● **YOUR INSTRUCTIONS**
The entries below hold a line with "exists phi, restr_via e.1 (fun _" and a line with "by deleting maximal". Return those lines and all that lie between them, exactly and only.

● **DATA**
▬▬▬▬▬▬▬▬▬▬
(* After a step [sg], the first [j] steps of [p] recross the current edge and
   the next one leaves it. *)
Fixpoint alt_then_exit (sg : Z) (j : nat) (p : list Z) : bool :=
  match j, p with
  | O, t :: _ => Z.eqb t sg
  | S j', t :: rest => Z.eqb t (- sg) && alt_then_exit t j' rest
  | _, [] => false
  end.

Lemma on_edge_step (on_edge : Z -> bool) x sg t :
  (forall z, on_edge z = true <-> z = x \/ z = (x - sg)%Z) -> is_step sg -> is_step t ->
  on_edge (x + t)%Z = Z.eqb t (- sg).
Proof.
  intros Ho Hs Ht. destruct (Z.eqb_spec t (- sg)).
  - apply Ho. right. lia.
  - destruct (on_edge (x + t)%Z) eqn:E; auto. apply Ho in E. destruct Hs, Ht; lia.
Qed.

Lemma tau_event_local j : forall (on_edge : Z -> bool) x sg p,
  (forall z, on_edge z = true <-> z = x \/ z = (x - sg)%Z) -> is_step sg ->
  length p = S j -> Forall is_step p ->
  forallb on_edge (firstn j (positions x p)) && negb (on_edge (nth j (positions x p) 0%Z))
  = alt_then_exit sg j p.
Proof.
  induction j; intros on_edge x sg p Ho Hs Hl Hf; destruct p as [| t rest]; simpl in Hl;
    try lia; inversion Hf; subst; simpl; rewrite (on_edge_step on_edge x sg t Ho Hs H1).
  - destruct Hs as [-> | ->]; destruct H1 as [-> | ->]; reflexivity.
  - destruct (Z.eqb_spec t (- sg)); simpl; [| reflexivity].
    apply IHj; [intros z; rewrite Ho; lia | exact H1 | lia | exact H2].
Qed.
▬▬▬▬▬▬▬▬▬▬
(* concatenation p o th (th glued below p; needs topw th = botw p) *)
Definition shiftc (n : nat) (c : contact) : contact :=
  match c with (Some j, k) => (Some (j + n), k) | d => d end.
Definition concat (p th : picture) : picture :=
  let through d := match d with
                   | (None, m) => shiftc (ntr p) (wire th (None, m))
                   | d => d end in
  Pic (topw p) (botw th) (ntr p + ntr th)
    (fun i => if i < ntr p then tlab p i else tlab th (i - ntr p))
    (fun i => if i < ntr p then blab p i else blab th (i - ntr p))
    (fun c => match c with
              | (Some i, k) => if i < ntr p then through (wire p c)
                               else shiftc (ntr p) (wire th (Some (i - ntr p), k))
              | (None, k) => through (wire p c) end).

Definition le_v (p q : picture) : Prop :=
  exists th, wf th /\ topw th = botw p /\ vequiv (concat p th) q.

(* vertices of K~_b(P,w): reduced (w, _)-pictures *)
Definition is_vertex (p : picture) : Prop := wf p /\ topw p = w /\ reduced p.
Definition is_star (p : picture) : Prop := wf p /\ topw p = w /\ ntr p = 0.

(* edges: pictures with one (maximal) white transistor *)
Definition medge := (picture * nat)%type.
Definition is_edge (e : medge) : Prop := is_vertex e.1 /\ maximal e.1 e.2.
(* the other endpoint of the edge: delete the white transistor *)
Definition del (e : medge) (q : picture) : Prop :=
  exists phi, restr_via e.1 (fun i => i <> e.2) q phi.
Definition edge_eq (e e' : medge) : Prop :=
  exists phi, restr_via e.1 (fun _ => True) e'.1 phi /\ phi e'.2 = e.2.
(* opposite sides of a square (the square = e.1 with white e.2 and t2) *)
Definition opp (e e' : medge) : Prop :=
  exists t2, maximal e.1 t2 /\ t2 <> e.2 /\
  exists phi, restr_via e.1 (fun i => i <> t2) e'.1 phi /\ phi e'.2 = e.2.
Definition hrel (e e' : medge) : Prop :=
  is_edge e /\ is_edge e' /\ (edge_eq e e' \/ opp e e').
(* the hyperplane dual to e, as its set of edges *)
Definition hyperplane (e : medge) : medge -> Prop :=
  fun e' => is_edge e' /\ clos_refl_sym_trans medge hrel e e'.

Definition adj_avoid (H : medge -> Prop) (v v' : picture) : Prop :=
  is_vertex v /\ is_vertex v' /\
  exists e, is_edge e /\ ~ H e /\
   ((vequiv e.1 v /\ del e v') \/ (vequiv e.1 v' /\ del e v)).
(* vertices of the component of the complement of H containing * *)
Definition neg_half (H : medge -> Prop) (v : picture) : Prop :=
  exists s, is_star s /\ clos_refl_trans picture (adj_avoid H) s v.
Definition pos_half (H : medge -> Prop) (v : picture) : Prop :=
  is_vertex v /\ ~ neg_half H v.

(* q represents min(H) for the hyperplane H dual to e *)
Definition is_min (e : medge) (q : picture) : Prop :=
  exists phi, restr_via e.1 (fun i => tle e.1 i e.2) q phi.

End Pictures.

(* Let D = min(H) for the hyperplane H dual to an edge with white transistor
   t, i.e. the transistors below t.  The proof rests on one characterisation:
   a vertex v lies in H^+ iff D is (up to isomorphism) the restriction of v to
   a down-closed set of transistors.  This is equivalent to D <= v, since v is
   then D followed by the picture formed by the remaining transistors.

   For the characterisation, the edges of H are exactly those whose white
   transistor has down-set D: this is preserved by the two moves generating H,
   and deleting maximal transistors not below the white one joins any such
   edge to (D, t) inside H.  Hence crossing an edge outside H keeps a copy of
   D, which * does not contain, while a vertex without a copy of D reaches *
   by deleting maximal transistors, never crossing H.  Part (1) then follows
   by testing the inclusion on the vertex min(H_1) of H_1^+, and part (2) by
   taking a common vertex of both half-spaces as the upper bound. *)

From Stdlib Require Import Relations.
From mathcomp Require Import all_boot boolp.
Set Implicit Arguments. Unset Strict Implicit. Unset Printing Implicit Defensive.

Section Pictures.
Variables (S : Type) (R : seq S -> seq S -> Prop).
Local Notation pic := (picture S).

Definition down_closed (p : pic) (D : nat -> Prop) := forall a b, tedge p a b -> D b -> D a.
▬▬▬▬▬▬▬▬▬▬
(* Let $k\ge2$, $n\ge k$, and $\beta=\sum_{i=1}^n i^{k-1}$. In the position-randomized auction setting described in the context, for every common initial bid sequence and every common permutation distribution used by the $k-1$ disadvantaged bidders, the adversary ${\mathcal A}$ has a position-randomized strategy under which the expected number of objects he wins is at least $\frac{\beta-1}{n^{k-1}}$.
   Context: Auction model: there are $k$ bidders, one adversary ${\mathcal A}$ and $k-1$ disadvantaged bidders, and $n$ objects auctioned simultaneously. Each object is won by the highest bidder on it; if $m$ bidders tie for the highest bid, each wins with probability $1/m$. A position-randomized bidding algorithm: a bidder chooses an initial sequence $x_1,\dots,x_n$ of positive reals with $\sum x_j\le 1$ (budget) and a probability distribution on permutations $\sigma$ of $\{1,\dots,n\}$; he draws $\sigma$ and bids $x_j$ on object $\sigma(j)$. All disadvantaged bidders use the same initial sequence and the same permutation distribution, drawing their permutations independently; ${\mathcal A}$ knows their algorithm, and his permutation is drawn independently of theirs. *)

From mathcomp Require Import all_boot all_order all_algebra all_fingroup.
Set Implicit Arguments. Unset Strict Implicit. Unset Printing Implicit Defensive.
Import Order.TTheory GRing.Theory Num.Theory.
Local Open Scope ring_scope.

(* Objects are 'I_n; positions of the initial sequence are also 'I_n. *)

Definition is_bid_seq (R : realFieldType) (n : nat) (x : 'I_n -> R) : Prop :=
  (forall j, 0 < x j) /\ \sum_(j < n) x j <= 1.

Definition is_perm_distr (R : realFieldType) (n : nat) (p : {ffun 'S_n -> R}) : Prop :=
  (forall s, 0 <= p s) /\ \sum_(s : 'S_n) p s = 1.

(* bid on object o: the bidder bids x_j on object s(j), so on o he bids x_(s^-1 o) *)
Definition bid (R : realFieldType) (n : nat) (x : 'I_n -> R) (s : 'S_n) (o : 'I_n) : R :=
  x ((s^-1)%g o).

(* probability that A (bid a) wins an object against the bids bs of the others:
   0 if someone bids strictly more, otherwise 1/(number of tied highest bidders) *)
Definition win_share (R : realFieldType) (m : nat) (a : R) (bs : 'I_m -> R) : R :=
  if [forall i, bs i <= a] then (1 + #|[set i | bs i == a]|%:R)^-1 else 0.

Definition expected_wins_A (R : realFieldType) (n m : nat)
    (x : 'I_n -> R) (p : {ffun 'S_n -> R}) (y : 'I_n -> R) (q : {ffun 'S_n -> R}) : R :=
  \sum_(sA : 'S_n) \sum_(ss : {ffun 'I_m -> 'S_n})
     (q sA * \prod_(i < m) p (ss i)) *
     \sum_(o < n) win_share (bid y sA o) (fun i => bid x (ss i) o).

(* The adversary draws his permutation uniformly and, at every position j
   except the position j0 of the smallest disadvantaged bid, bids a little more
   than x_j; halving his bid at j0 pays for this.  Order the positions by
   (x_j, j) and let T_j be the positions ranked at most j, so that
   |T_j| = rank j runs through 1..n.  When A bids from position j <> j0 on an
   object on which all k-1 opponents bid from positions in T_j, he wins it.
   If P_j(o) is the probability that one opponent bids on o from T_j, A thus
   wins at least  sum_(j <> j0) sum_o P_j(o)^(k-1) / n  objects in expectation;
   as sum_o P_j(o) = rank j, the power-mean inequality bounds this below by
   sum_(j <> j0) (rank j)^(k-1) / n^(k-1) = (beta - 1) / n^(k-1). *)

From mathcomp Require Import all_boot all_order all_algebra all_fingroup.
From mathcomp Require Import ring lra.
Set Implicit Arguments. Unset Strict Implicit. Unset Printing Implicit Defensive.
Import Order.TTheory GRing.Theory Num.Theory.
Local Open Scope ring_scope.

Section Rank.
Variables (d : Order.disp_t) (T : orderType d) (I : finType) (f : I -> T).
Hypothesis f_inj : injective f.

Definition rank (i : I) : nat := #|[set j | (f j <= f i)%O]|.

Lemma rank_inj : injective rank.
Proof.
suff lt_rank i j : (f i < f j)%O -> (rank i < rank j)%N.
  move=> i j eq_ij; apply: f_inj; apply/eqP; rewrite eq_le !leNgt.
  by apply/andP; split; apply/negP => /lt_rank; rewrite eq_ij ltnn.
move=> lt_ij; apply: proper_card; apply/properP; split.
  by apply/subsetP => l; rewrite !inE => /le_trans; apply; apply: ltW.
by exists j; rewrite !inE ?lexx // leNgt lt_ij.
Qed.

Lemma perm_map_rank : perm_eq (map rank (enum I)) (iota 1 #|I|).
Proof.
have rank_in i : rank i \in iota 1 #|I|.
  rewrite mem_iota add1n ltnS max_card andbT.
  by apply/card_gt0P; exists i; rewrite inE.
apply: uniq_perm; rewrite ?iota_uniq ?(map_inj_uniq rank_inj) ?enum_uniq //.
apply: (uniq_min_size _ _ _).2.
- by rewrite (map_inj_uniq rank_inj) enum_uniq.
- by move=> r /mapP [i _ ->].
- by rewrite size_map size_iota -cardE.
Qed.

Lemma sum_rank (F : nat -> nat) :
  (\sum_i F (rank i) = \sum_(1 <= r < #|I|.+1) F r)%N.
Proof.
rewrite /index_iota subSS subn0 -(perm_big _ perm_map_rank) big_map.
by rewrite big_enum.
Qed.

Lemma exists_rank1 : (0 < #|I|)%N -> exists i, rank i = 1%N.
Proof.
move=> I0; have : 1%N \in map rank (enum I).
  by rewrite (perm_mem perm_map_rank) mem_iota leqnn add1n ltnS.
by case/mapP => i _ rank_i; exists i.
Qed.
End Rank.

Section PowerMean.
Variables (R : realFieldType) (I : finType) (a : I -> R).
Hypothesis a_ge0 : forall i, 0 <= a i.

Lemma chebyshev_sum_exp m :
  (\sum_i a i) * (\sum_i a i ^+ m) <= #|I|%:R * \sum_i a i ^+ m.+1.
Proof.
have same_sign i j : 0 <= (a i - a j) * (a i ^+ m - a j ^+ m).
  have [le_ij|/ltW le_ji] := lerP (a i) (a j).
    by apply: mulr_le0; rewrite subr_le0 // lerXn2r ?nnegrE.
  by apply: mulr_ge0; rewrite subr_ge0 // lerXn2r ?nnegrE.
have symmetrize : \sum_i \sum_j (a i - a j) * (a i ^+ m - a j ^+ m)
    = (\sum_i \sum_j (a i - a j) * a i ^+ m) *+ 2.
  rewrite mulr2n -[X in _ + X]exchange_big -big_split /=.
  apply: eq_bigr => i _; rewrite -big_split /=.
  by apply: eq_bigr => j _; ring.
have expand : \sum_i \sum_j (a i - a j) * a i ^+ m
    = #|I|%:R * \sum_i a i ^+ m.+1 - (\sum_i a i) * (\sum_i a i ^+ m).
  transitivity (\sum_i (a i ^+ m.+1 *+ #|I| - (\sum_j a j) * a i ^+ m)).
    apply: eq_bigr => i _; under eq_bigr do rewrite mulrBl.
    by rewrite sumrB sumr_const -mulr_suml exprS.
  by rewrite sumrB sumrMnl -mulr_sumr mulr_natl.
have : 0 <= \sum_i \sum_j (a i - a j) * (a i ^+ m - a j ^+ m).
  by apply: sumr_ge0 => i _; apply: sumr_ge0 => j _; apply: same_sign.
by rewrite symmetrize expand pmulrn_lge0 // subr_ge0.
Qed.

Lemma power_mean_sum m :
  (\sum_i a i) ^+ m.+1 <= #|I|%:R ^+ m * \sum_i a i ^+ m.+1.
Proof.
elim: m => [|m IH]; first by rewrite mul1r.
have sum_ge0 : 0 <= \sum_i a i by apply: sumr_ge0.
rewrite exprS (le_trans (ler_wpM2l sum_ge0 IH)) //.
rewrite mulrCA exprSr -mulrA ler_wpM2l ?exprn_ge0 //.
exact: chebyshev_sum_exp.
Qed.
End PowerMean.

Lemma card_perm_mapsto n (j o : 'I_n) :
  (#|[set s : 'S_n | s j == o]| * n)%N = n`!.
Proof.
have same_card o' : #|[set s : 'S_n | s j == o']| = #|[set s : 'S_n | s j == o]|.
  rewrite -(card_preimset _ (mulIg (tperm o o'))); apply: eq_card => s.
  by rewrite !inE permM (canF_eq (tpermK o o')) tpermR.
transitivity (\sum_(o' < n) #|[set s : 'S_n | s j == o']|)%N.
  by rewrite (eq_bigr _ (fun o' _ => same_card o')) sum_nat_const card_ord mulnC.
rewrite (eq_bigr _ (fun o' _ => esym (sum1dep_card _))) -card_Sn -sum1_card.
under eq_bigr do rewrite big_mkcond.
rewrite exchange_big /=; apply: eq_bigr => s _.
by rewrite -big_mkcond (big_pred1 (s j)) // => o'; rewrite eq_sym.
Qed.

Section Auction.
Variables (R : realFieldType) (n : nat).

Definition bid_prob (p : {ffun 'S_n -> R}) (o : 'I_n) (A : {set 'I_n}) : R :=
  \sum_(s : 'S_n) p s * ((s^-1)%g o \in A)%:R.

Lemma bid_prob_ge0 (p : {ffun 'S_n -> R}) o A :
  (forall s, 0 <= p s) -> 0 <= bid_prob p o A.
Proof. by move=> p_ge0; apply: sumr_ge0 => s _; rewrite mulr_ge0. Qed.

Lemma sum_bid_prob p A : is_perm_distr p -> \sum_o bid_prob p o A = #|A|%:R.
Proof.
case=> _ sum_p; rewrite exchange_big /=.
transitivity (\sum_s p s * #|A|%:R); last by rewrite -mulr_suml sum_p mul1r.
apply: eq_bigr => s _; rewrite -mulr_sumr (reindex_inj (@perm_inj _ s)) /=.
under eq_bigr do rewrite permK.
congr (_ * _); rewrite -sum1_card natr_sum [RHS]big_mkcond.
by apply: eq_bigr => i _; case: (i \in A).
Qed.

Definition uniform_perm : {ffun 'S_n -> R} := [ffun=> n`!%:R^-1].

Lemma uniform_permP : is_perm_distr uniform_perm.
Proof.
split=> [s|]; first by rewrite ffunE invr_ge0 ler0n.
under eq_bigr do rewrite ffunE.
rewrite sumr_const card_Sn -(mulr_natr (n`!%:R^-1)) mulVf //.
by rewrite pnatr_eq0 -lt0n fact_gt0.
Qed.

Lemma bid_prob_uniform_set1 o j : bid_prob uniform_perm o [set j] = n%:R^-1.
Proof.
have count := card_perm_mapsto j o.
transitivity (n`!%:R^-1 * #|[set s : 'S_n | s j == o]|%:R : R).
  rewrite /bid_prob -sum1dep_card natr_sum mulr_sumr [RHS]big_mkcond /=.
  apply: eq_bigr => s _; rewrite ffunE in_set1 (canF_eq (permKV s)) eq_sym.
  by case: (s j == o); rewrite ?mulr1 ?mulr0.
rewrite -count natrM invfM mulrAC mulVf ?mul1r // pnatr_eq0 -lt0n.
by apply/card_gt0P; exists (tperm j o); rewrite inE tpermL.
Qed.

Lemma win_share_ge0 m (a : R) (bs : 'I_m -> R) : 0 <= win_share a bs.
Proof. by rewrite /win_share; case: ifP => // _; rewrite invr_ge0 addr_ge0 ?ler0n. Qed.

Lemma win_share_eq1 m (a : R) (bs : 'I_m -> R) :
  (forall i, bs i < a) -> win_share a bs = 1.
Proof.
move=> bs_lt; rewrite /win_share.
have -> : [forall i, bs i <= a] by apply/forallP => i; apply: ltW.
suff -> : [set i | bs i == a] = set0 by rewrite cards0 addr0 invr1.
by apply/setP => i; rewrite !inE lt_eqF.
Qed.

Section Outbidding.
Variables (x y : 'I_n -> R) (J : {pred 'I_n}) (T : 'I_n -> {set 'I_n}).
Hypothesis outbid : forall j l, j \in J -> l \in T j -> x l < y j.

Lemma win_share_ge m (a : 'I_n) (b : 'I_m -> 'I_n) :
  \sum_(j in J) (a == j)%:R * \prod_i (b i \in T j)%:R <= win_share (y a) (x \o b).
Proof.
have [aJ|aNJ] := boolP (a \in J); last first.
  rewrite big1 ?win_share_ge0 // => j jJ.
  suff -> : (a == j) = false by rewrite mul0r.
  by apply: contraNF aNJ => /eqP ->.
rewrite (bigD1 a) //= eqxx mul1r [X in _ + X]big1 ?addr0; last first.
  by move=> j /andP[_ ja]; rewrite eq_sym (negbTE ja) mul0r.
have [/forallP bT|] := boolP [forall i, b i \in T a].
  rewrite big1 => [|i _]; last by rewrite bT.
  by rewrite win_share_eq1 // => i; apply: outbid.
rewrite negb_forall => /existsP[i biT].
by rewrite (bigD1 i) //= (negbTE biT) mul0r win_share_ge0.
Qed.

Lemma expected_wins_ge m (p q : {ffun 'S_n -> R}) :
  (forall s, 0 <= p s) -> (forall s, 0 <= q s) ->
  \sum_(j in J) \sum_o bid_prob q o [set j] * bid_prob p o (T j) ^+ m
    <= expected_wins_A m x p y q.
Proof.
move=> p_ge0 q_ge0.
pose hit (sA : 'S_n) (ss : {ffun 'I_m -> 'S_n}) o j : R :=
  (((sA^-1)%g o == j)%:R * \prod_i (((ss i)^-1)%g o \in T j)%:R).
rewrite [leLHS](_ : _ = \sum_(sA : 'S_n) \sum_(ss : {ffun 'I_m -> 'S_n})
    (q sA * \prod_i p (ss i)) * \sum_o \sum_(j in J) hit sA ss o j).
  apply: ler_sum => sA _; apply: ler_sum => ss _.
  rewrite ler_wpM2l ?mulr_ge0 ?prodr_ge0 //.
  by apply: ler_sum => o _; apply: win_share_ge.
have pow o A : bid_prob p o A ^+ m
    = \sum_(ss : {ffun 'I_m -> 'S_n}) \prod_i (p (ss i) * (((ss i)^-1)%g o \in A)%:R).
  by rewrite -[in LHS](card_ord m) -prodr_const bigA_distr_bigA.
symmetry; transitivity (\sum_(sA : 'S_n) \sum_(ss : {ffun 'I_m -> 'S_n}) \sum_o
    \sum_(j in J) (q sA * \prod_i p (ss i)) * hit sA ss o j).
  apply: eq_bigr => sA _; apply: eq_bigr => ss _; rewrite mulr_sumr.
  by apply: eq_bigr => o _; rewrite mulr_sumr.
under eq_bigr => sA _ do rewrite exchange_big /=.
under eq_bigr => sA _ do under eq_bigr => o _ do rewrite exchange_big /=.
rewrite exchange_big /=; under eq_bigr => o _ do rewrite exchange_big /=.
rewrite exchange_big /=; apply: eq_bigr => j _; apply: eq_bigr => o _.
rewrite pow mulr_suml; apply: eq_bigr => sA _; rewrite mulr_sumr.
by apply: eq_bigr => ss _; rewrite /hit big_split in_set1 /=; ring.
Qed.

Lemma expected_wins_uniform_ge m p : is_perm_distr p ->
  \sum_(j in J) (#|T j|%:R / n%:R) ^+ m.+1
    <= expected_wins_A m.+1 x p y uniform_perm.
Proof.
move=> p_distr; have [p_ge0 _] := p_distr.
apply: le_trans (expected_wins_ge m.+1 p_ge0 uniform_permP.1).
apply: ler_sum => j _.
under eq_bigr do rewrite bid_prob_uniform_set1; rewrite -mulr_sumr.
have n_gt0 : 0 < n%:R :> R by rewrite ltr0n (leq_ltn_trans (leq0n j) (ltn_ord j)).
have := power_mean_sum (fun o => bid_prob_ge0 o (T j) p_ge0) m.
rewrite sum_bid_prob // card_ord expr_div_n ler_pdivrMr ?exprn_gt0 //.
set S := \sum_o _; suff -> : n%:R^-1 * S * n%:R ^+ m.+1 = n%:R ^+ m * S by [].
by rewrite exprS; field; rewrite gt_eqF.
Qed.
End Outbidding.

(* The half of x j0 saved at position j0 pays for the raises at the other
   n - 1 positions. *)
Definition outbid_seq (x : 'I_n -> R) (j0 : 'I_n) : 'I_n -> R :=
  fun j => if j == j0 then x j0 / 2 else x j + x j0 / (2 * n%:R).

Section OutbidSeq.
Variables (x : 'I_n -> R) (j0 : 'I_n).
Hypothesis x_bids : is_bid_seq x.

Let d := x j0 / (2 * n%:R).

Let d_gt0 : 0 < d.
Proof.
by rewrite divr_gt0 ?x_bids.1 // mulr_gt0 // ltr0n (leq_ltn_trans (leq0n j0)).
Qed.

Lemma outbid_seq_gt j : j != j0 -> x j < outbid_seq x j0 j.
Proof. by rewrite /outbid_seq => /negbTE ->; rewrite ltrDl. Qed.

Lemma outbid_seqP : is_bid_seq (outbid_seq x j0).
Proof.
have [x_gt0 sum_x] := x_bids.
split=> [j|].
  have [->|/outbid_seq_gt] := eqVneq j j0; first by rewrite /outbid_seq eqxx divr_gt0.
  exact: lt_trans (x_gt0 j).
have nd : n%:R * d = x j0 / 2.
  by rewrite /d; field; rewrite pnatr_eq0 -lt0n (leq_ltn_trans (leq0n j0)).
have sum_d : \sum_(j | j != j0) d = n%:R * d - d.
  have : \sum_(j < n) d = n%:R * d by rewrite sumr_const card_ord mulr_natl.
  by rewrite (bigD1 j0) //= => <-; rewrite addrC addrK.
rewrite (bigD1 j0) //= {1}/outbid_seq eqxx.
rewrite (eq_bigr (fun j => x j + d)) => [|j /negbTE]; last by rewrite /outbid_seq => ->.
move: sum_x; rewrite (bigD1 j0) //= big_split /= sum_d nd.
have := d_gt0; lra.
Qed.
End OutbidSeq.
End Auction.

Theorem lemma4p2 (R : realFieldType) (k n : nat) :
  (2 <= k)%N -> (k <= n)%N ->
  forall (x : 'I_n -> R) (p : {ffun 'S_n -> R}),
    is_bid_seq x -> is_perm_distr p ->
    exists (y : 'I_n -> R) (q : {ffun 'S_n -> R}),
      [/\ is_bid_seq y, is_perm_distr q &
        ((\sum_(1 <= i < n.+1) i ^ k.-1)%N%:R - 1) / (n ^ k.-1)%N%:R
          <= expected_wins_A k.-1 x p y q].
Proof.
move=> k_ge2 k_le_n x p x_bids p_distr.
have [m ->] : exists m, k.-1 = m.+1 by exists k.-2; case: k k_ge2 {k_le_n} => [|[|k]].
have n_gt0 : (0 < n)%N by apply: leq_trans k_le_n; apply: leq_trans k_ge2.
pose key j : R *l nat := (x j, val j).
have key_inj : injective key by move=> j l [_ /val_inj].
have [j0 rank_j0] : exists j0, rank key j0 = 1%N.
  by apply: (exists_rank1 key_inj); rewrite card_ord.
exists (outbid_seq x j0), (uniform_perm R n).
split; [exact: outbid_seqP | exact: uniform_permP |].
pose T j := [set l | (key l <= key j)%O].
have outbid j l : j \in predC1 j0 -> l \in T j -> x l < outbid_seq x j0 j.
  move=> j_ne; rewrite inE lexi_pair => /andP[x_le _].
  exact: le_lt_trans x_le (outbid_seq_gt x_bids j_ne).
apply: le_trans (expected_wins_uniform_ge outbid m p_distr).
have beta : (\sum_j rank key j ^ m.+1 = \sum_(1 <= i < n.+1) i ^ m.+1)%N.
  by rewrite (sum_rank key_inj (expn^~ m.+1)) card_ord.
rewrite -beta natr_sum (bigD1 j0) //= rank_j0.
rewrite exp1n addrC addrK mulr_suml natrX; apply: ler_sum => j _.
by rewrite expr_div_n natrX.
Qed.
▬▬▬▬▬▬▬▬▬▬
● **COMPLETED TASK**
  exists phi, restr_via e.1 (fun _ => True) e'.1 phi /\ phi e'.2 = e.2.
(* opposite sides of a square (the square = e.1 with white e.2 and t2) *)
Definition opp (e e' : medge) : Prop :=
  exists t2, maximal e.1 t2 /\ t2 <> e.2 /\
  exists phi, restr_via e.1 (fun i => i <> t2) e'.1 phi /\ phi e'.2 = e.2.
Definition hrel (e e' : medge) : Prop :=
  is_edge e /\ is_edge e' /\ (edge_eq e e' \/ opp e e').
(* the hyperplane dual to e, as its set of edges *)
Definition hyperplane (e : medge) : medge -> Prop :=
  fun e' => is_edge e' /\ clos_refl_sym_trans medge hrel e e'.

Definition adj_avoid (H : medge -> Prop) (v v' : picture) : Prop :=
  is_vertex v /\ is_vertex v' /\
  exists e, is_edge e /\ ~ H e /\
   ((vequiv e.1 v /\ del e v') \/ (vequiv e.1 v' /\ del e v)).
(* vertices of the component of the complement of H containing * *)
Definition neg_half (H : medge -> Prop) (v : picture) : Prop :=
  exists s, is_star s /\ clos_refl_trans picture (adj_avoid H) s v.
Definition pos_half (H : medge -> Prop) (v : picture) : Prop :=
  is_vertex v /\ ~ neg_half H v.

(* q represents min(H) for the hyperplane H dual to e *)
Definition is_min (e : medge) (q : picture) : Prop :=
  exists phi, restr_via e.1 (fun i => tle e.1 i e.2) q phi.

End Pictures.

(* Let D = min(H) for the hyperplane H dual to an edge with white transistor
   t, i.e. the transistors below t.  The proof rests on one characterisation:
   a vertex v lies in H^+ iff D is (up to isomorphism) the restriction of v to
   a down-closed set of transistors.  This is equivalent to D <= v, since v is
   then D followed by the picture formed by the remaining transistors.

   For the characterisation, the edges of H are exactly those whose white
   transistor has down-set D: this is preserved by the two moves generating H,
   and deleting maximal transistors not below the white one joins any such
   edge to (D, t) inside H.  Hence crossing an edge outside H keeps a copy of
   D, which * does not contain, while a vertex without a copy of D reaches *
   by deleting maximal transistors, never crossing H.  Part (1) then follows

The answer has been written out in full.